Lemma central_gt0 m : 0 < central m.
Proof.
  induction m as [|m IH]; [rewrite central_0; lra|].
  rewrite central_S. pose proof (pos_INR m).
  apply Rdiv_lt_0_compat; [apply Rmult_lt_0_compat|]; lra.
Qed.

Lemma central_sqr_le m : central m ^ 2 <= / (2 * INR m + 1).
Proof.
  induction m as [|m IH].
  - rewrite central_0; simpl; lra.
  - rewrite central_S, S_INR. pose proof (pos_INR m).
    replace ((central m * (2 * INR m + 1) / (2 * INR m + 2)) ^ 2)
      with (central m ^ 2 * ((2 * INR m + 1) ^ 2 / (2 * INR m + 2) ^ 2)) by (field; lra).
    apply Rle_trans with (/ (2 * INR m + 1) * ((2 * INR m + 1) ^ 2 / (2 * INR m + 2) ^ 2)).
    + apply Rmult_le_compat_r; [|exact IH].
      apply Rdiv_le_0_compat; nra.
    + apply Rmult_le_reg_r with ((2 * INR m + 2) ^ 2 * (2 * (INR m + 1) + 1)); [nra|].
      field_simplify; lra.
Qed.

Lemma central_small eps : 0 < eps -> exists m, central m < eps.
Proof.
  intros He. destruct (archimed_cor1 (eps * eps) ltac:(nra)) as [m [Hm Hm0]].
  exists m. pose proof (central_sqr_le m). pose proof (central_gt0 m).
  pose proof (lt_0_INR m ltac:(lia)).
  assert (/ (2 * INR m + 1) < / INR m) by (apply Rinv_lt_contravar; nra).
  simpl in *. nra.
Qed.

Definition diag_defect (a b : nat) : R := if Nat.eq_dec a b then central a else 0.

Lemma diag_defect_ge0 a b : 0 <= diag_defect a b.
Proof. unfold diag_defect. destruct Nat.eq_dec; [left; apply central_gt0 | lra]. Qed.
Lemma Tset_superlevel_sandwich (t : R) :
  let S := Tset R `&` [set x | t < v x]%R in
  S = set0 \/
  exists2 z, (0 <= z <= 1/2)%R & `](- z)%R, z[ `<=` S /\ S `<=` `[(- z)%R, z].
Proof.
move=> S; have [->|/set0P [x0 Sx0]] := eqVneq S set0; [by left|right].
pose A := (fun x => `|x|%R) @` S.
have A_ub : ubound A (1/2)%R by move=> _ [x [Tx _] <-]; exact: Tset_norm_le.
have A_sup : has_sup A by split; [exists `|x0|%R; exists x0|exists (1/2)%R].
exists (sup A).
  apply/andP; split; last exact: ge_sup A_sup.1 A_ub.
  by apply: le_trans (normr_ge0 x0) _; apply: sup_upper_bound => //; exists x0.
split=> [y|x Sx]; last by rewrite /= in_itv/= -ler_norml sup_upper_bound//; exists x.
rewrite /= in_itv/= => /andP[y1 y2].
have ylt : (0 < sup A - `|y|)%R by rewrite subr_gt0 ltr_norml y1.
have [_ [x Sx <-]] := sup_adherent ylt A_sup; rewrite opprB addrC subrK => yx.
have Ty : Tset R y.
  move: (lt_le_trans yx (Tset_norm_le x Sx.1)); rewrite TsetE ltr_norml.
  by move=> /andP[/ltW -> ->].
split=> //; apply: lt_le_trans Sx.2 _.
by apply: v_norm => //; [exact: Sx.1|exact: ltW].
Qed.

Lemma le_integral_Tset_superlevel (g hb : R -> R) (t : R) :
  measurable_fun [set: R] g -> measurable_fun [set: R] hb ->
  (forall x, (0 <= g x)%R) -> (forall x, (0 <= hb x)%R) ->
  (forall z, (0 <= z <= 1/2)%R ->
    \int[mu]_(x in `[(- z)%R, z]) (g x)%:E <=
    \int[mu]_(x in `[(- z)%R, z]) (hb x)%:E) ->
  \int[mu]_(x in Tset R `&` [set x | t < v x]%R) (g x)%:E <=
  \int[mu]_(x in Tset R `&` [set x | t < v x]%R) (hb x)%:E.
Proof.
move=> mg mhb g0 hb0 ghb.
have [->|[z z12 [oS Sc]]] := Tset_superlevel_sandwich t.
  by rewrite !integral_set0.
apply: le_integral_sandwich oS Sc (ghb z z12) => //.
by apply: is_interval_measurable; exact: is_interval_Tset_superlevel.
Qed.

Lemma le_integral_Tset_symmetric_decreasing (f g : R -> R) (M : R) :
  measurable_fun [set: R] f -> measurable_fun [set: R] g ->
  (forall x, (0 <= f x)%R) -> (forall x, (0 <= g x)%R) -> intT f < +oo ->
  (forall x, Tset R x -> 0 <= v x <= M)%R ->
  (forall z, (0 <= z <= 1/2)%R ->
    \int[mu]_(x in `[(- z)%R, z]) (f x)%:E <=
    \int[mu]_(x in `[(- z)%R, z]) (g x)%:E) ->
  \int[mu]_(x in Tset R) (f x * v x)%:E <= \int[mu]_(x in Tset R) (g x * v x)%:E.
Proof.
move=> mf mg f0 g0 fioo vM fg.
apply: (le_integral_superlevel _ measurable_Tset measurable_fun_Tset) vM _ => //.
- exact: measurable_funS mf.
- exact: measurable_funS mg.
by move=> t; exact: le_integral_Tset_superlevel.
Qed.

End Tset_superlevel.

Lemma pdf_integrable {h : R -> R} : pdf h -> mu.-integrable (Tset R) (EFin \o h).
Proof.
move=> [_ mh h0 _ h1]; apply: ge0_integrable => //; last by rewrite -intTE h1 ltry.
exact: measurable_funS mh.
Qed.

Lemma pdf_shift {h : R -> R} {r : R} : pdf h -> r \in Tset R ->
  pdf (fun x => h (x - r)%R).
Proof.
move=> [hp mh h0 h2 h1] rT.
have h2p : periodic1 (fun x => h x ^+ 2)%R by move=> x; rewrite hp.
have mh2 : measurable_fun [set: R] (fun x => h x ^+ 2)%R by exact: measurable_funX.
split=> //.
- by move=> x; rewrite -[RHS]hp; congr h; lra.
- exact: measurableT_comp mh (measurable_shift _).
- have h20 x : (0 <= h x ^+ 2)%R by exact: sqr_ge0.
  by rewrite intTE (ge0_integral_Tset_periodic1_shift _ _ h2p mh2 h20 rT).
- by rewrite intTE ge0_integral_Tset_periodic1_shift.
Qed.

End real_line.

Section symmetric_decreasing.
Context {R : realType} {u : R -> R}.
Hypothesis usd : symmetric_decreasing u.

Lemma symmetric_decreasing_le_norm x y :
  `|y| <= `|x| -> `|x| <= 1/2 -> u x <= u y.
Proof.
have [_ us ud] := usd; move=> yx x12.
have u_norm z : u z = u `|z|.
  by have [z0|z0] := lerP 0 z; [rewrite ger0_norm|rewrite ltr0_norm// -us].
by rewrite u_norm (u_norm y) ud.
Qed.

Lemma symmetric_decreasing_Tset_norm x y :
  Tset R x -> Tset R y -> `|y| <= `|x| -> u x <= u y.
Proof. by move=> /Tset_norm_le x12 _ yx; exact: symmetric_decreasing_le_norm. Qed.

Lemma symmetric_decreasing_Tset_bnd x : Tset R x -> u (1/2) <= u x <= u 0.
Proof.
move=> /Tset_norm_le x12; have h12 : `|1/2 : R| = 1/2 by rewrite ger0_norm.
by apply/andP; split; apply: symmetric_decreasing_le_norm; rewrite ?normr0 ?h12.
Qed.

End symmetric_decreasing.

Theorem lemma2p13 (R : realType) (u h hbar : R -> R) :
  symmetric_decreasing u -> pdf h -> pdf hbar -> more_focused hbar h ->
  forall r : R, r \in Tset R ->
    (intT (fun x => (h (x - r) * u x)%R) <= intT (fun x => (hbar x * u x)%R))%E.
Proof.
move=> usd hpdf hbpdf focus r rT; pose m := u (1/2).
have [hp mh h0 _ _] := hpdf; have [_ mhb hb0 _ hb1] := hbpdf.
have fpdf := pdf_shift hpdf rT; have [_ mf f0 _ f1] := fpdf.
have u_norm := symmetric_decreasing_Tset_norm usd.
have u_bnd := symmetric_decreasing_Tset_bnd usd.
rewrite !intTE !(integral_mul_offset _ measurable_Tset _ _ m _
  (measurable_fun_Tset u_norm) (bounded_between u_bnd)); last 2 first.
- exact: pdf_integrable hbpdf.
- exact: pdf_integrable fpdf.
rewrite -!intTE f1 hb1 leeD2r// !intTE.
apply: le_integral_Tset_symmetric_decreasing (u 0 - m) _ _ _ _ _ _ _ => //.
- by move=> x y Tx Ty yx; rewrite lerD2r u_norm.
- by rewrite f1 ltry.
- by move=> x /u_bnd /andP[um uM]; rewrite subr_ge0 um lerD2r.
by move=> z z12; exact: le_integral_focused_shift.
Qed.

◆ ◆ ◆ ◆

Task details: Find where "rewrite -!intTE f1 hb1 leeD2r// !intTE." occurs in the data, and please write out that line through the last line exactly, with nothing else.

Solution below:
rewrite -!intTE f1 hb1 leeD2r// !intTE.
apply: le_integral_Tset_symmetric_decreasing (u 0 - m) _ _ _ _ _ _ _ => //.
- by move=> x y Tx Ty yx; rewrite lerD2r u_norm.
- by rewrite f1 ltry.
- by move=> x /u_bnd /andP[um uM]; rewrite subr_ge0 um lerD2r.
by move=> z z12; exact: le_integral_focused_shift.
Qed.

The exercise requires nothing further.